Образ, фокусирующий мироощущение аудитории, является, в сущности, продуктом ее аутического мышления. В случае Родса оно изготавливает продукт особого рода. Мальчик, играющий оловянными солдатиками, как о том писал Блейлер, и генерал, которым мальчик себя ощущает, слишком далеки друг от друга, между ними -- пропасть. Ребенок преодолевает эту непомерную дистанцию силой воображения. Напротив, образ "парня из нашего города", выбранный Родсом, и реальный парень оттуда близки друг другу, между ними нет зияния -- образ лишь откорректирован, подчищен, освобожден от случайного и нетипичного. Иными словами, парень, олицетворяемый Родсом, не далек от реального прототипа, хотя подвергся идеализации и обобщению.

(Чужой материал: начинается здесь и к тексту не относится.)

Lemma subseq_cons_cat (T : eqType) (x : T) u s : subseq (x :: u) s ->
  exists s1 s2, s = s1 ++ x :: s2 /\ subseq u s2.
Proof.
elim: s => [|y s IH] //=.
case: eqP => [<- H|_ /IH [s1 [s2 [-> H]]]]; first by exists [::], s.
by exists (y :: s1), s2.
Qed.

Lemma subseq_cons_catr (T : eqType) (x : T) t u v : x \notin u ->
  subseq (x :: t) (u ++ v) -> subseq (x :: t) v.
Proof. by elim: u => //= y u IH; rewrite inE negb_or => /andP[/negbTE ->]. Qed.

Lemma unsorted_pair (T : eqType) (r : rel T) t :
  ~~ sorted r t -> exists x y, subseq [:: x; y] t /\ ~~ r x y.
Proof.
elim: t => [|x [|y t] IH] //; rewrite [sorted _ _]/=.
have [Hxy /IH [a [b [Hs Hr]]]|Hxy _] := boolP (r x y).
  by exists a, b; split => //; apply: subseq_trans Hs (subseq_cons _ _).
by exists x, y; rewrite /= !eqxx sub0seq.
Qed.

Lemma sorted_pair (T : eqType) (r : rel T) t x y : transitive r -> sorted r t ->
  subseq [:: x; y] t -> r x y.
Proof. by move=> Hr Ht /(subseq_sorted Hr) /(_ Ht) /andP[]. Qed.

Lemma sorted_leq_rcons l y : sorted leq (rcons l y) = sorted leq l && (last 0 l <= y).
Proof. by case: l => [|a l] //=; rewrite rcons_path. Qed.

Lemma eq_size_bij_in (T : eqType) (A B : seq T) f g : uniq A -> uniq B ->
  {in A, forall s, f s \in B} -> {in B, forall s, g s \in A} ->
  {in A, cancel f g} -> {in B, cancel g f} -> size A = size B.
Proof.
move=> UA UB fAB gBA fK gK; apply/eqP; rewrite eqn_leq.
apply/andP; split; [rewrite -(size_map f) | rewrite -(size_map g)].
  apply: uniq_leq_size; first by rewrite map_inj_in_uniq //; apply: can_in_inj fK.
  by move=> _ /mapP [s Hs ->]; apply: fAB.
apply: uniq_leq_size; first by rewrite map_inj_in_uniq //; apply: can_in_inj gK.
by move=> _ /mapP [s Hs ->]; apply: gBA.
Qed.

Lemma mem_bitseqs k m : size m = k -> m \in bitseqs k.
Proof.
elim: k m => [|k IH] [|b m] // [Hm]; rewrite [bitseqs _]/=.
by case: b; rewrite !mem_cat map_f ?orbT ?IH.
Qed.

Lemma mem_all_seqs b n s :
  (s \in all_seqs b n) = (size s == n) && all (fun x => x < b) s.
Proof.
elim: n s => [|n IH] s; first by case: s.
apply/allpairsPdep/idP => [[y [t [Hy Ht ->]]]|].
  by move: Hy Ht; rewrite mem_iota IH /= eqSS => -> /andP[-> ->].
case: s => // x s /= /andP[Hs /andP[Hx Ha]].
by exists x, s; rewrite mem_iota IH -eqSS Hs.
Qed.

Lemma uniq_all_seqs b n : uniq (all_seqs b n).
Proof.
elim: n => [|n IH] //=.
apply: allpairs_uniq_dep => //; first exact: iota_uniq.
by move=> [x s] [y t] _ _ /= [-> ->].
Qed.

Lemma order_isoP s t :
  reflect (size s = size t /\ forall i j, i < size s -> j < size s ->
             ((nth 0 s i < nth 0 s j) = (nth 0 t i < nth 0 t j)) /\
             ((nth 0 s i == nth 0 s j) = (nth 0 t i == nth 0 t j)))
          (order_iso s t).
Proof.
apply: (iffP andP) => [[/eqP Hs /allP H]|[Hs H]]; split => //.
- move=> i j Hi Hj.
  have /H/allP/(_ j) : i \in iota 0 (size s) by rewrite mem_iota.
  by rewrite mem_iota => /(_ Hj) /andP[/eqP -> /eqP ->].
- by apply/eqP.
apply/allP => i; rewrite mem_iota => Hi; apply/allP => j; rewrite mem_iota => Hj.
by have [-> ->] := H i j Hi Hj; rewrite !eqxx.
Qed.
Lemma N_slice_large a b c d :
  dicycle4 (a, b, c, d) -> 4 * diag_weight (a, c) <= N_slice (b, d).
Proof.
move=> /and4P[ab bc cd da]; rewrite /diag_weight /=.
set A := between a c; set B := between c a.
have bA : b \in A by rewrite inE ab bc.
have dB : d \in B by rewrite inE cd da.
have card_AB : #|A :|: B| = #|A| + #|B|.
  by rewrite cardsU (disjoint_setI0 (between_disjoint a c)) cards0 subn0.
apply: (@leq_trans #|setX (A :|: B) (A :|: B)|).
  by rewrite cardsX card_AB mulnn; exact: (nat_AGM2 _ _).1.
rewrite -(card_imset _ (f := fun q : T * T => (b, d, q.1, q.2))); last first.
  by move=> [? ?] [? ?] [-> ->].
apply/subset_leq_card/subsetP => _ /imsetP[[u v] /setXP[uAB vAB] ->].
by apply/setIdP; split; first exact: straddling_no_path bA dB uAB vAB.
Qed.

Lemma cycles_le_N : 4 * #|cycle_set| <= #|N_set e|.
Proof.
rewrite -[#|N_set e|](sum_card_fibers head2).
apply: (diagonal_averaging (g := diag_weight) (f := N_slice) fiber_ac fiber_bd).
  move=> [[[a b] c] d]; rewrite inE -dicycle4_rot => cyc.
  by rewrite /diag_weight /= [#|between b d| * _]mulnC; exact: N_slice_large cyc.
by move=> [[[a b] c] d]; rewrite inE; exact: N_slice_large.
Qed.
End ThreeFree.
End FourCycles.

Theorem mainTheorem17 (T : finType) (e : rel T)
    (Hloop : loopless e) (H3 : three_free e) :
  2 * S_count e <= 3 * #|N_set e|.
Proof.
apply: (@leq_trans (3 * (4 * #|cycle_set e|))); last by rewrite leq_mul2l cycles_le_N.
by rewrite mulnA -[3 * 4]/(2 * 6) -mulnA leq_mul2l S_count_le.
Qed.
(* Let $R$ be a finitely generated standard algebra. Assume that for every sufficiently large integer $d$, the set of all finitely generated homogeneous right ideals $I$ of $R$ with $m(I)\le d$ forms a rate filtration. Then $R$ is projective (right) coherent.
   Context: $R$ standard: graded, $R_0=k$, generated by $R_1$, $R_+=\bigoplus_{i>0}R_i$. $R$ is projective coherent if the kernel of every homogeneous homomorphism between finitely generated graded free right $R$-modules is finitely generated. For a homogeneous right ideal $J$, $m(J)$ is the maximal degree of a minimal homogeneous generator. A rate filtration is a set $\mathbf F$ of finitely generated homogeneous right ideals with $0,R_+\in\mathbf F$ such that for every $0\ne I\in\mathbf F$ there exist $J\in\mathbf F$, $J\ne I$, and a homogeneous $x\in I$ with $I=J+xR$, $m(J)\le m(I)$, and $\{a\in R: xa\in J\}\in\mathbf F$. *)

From HB Require Import structures.
From mathcomp Require Import all_boot all_order all_algebra.
Set Implicit Arguments. Unset Strict Implicit. Unset Printing Implicit Defensive.
Import Order.TTheory GRing.Theory Num.Theory.
Local Open Scope ring_scope.

(* A (not necessarily commutative) k-algebra R is graded by a family of
   predicates G : nat -> R -> Prop, G i x meaning "x is homogeneous of degree i",
   i.e. x \in R_i. *)

Section Graded.
Variables (k : fieldType) (R : algType k) (G : nat -> R -> Prop).

Definition is_graded : Prop :=
  [/\ (forall i, G i 0),
      (forall i x y, G i x -> G i y -> G i (x + y)),
      (forall i (c : k) x, G i x -> G i (c *: x)) &
      (forall i j x y, G i x -> G j y -> G (i + j)%N (x * y))] /\
  (forall x, exists n (f : nat -> R),
          (forall i, G i (f i)) /\ x = \sum_(i < n) f i) /\
  (forall n (f : nat -> R), (forall i, G i (f i)) ->
          \sum_(i < n) f i = 0 -> forall i, (i < n)%N -> f i = 0).

Definition is_standard : Prop :=
  [/\ is_graded,
      (forall x, G 0 x <-> exists c : k, x = c%:A) &
      (forall n x, G n.+1 x -> exists p (a b : 'I_p -> R),
          (forall l, G n (a l) /\ G 1 (b l)) /\ x = \sum_(l < p) a l * b l)].

(* finitely generated standard algebra: R_1 is finite dimensional *)
Definition is_fg_standard : Prop :=
  is_standard /\
  exists s : seq R, (forall y, y \in s -> G 1 y) /\
    (forall y, G 1 y -> exists c : 'I_(size s) -> k,
        y = \sum_(i < size s) c i *: s`_i).

Definition homogeneous (x : R) : Prop := exists n, G n x.

Definition rspan (s : seq R) (x : R) : Prop :=
  exists r : 'I_(size s) -> R, x = \sum_(i < size s) s`_i * r i.

Definition is_rideal (I : R -> Prop) : Prop :=
  [/\ I 0, (forall x y, I x -> I y -> I (x + y)) &
      (forall x r, I x -> I (x * r))].

Definition is_homogeneous_ideal (I : R -> Prop) : Prop :=
  forall x, I x -> exists n (f : nat -> R),
    (forall i, G i (f i) /\ I (f i)) /\ x = \sum_(i < n) f i.

Definition is_fg (I : R -> Prop) : Prop :=
  exists s : seq R, forall x, I x <-> rspan s x.

Definition fg_hom_rideal (I : R -> Prop) : Prop :=
  [/\ is_rideal I, is_homogeneous_ideal I & is_fg I].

Мальчик, представляющий себя генералом, увлечен не самой ролью -- он нарциссически обожает себя в этой роли. Поклонники Родса, идентифицируясь с экранной тенью, в равной мере обожают самих себя -- правда, улучшенных и подправленных. Стало быть, их аутическое мышление в огромной мере нарциссично. Испытывая нарциссизм, индивид, по словам Фрейда, "дарит собственному телу все нежности, обычно проявляемые к постороннему сексуальному объекту".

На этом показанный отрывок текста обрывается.